You can get tyre data for the F3000 spec tyre from www.avonracing.com. This will at least give ballpark friction coefficient values and load sensitivity.

Ben

[Yelnats]

Regarding the friction coefficients noted above (2.1 -1.7). Its quite possible that both are correct in certain contexts.

Take the following example for;

Skid pad tests of of CART cars reveal sustained values of 1.6 gs on 100 ft radii circles. (speeds too low for significant aero downloading) This would seem to correlate well with the 1.7 G maximum quoted above. But second thought reveals that if a car is to sustain 1.6 G's the tires themselves must have a co-efficient well above thia value because of factors such as irregularities in the track, unequal distribution of forces between tires due to understeer, driving forces at the rear, lateral weight transfer, ackerman angle errors etc, all of which causes less than ideal "slip" angles.

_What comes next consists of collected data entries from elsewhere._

Section Complexes.
Variable R : pzRingType.
Arguments projective_mod {R} P.
Arguments subproj_mod {R} M N.
Arguments projective_cx {R} P.
Arguments subproj_cx {R} X Y.
Arguments cdiff {R} c i.
Arguments cdiff_linear {R} c i.
Arguments cdiff2 {R} c i x.
Arguments bar_obj {R} M n i.
Arguments bar_obj_top {R} M n i.
Arguments bar_obj_bot {R} M n i.
Arguments bar_diff {R} M n i.
Arguments bar_diff_linear {R} M n i.
Arguments bar_diff_ne {R} M n i x.
Arguments bar_shift {R} M n.
Arguments lcast {R A B} e x.

Lemma linear_fun0 (U V : lmodType R) (f : U -> V) : linear f -> f 0 = 0.
Proof.
move=> lin_f; have := lin_f 1 0 0; rewrite !scale1r addr0.
by move=> /(congr1 (fun v => v - f 0)); rewrite addrK subrr.
Qed.

Lemma linear_funZ (U V : lmodType R) (f : U -> V) :
  linear f -> forall a x, f (a *: x) = a *: f x.
Proof.
by move=> lin_f a x; have := lin_f a x 0; rewrite !addr0 (linear_fun0 lin_f) addr0.
Qed.

Lemma chain_map_comp (X Y Z : complex R) (F : forall i, X i -> Y i)
    (G : forall i, Y i -> Z i) :
  chain_map F -> chain_map G -> chain_map (fun i x => G i (F i x)).
Proof.
move=> [linF commF] [linG commG]; split; first by move=> i a u v; rewrite linF linG.
by move=> i x; rewrite commF commG.
Qed.

Definition dcast (T : int -> lmodType R) i j (e : i = j) (x : T i) : T j :=
  eq_rect i (fun k => (T k : Type)) x j e.
Arguments dcast T {i j} e x.

Lemma dcast0 T i j (e : i = j) : dcast T e 0 = 0.
Proof. by case: j / e. Qed.

Lemma lcast0 (A B : lmodType R) (e : A = B) : lcast e 0 = 0.
Proof. by case: B / e. Qed.

Lemma lcastK (A B : lmodType R) (e : A = B) x : lcast (esym e) (lcast e x) = x.
Proof. by case: B / e x. Qed.

Lemma lcastKV (A B : lmodType R) (e : A = B) x : lcast e (lcast (esym e) x) = x.
Proof. by case: B / e x. Qed.

Lemma lcast_linear_comp (A B V : lmodType R) (e : A = B) (f : B -> V) :
  linear f -> linear (fun x => f (lcast e x)).
Proof. by move=> lin_f a u v; rewrite lcastD lcastZ lin_f. Qed.

Lemma linear_comp_lcast (A B U : lmodType R) (e : A = B) (f : U -> A) :
  linear f -> linear (fun x => lcast e (f x)).
Proof. by move=> lin_f a u v; rewrite lin_f lcastD lcastZ. Qed.

Section Disk.
Variable n : int.

Definition bar_sign : R := (-1) ^+ `|n|%N.

Lemma bar_signK (V : lmodType R) (x : V) : bar_sign *: (bar_sign *: x) = x.
Proof. by rewrite scalerA /bar_sign -exprD -signr_odd oddD addbb expr0 scale1r. Qed.

Lemma bar_bot_neq_top : n + 1 - 1 != n + 1. Proof. lia. Qed.
Lemma bar_below_neq_top : n + 1 - 1 - 1 != n + 1. Proof. lia. Qed.
Lemma bar_below_neq_bot : n + 1 - 1 - 1 != n + 1 - 1. Proof. lia. Qed.

Definition bar_top (P : lmodType R) : bar_obj P n (n + 1) = P :=
  bar_obj_top P n (n + 1) (eqxx _).
Definition bar_bot (P : lmodType R) : bar_obj P n (n + 1 - 1) = P :=
  bar_obj_bot P n (n + 1) (eqxx _).

Lemma bar_obj_eq0 (P : lmodType R) i (x : bar_obj P n i) :
  i != n + 1 -> i != n + 1 - 1 -> x = 0.
Proof.
move=> ne_top ne_bot; have e : bar_obj P n i = zero_mod R.
  by rewrite addrK in ne_bot; rewrite /bar_obj (negbTE ne_top) (negbTE ne_bot).
by rewrite -(lcastK e x) (thinmx0 (lcast e x)) lcast0.
Qed.

Lemma bar_diff_topE (P : lmodType R) (x : bar_obj P n (n + 1)) :
  bar_diff P n (n + 1) x = lcast (esym (bar_bot P)) (bar_sign *: lcast (bar_top P) x).
Proof.
rewrite /bar_diff; move: (erefl (n + 1 == n + 1)).
case: {2 3}(n + 1 == n + 1) => e; last by rewrite eqxx in e.
by rewrite /bar_top /bar_bot (eq_irrelevance e (eqxx (n + 1))).
Qed.

(* In degree [n] the chain-map condition forces [cdiff X (n + 1) \o h] up to
   the sign [(-1)^n] of the differential of the disk, its own inverse. *)
Definition from_bar (P : lmodType R) (X : complex R) (h : P -> X (n + 1)) i :
    bar_obj P n i -> X i :=
  match i =P n + 1 with
  | ReflectT e => fun x =>
      dcast X (esym e) (h (lcast (bar_top P) (dcast _ e x)))
  | ReflectF _ => match i =P n + 1 - 1 with
     | ReflectT e => fun x => dcast X (esym e)
         (cdiff X (n + 1) (h (bar_sign *: lcast (bar_bot P) (dcast _ e x))))
     | ReflectF _ => fun _ => 0 end end.
Arguments from_bar {P X} h i.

So it's quite possible (perhaps likely) that on a test bed a tire would generate 2.1 G's but be limited to 1.7 G's on a car due to the above factors. Note that we haven't considered factors like the heavily rubbered track surface typical of many racing situations.

[550spyder]

I believe that you are assuming that a car turns in a circle. I does not. The car follows a different curve: CLOTOID
You can get the CLOTOID equation in Math books

[dosco]

Originally posted by 550spyder
I believe that you are assuming that a car turns in a circle. I does not. The car follows a different curve: CLOTOID
You can get the CLOTOID equation in Math books

Clothoid.....interesting. You learn something new every day.........

"When the path of the curve is followed with an uniform velocity, the speed of rotation is linear (in time). That's why the curve with the reverse relation is called the anti-clothoid.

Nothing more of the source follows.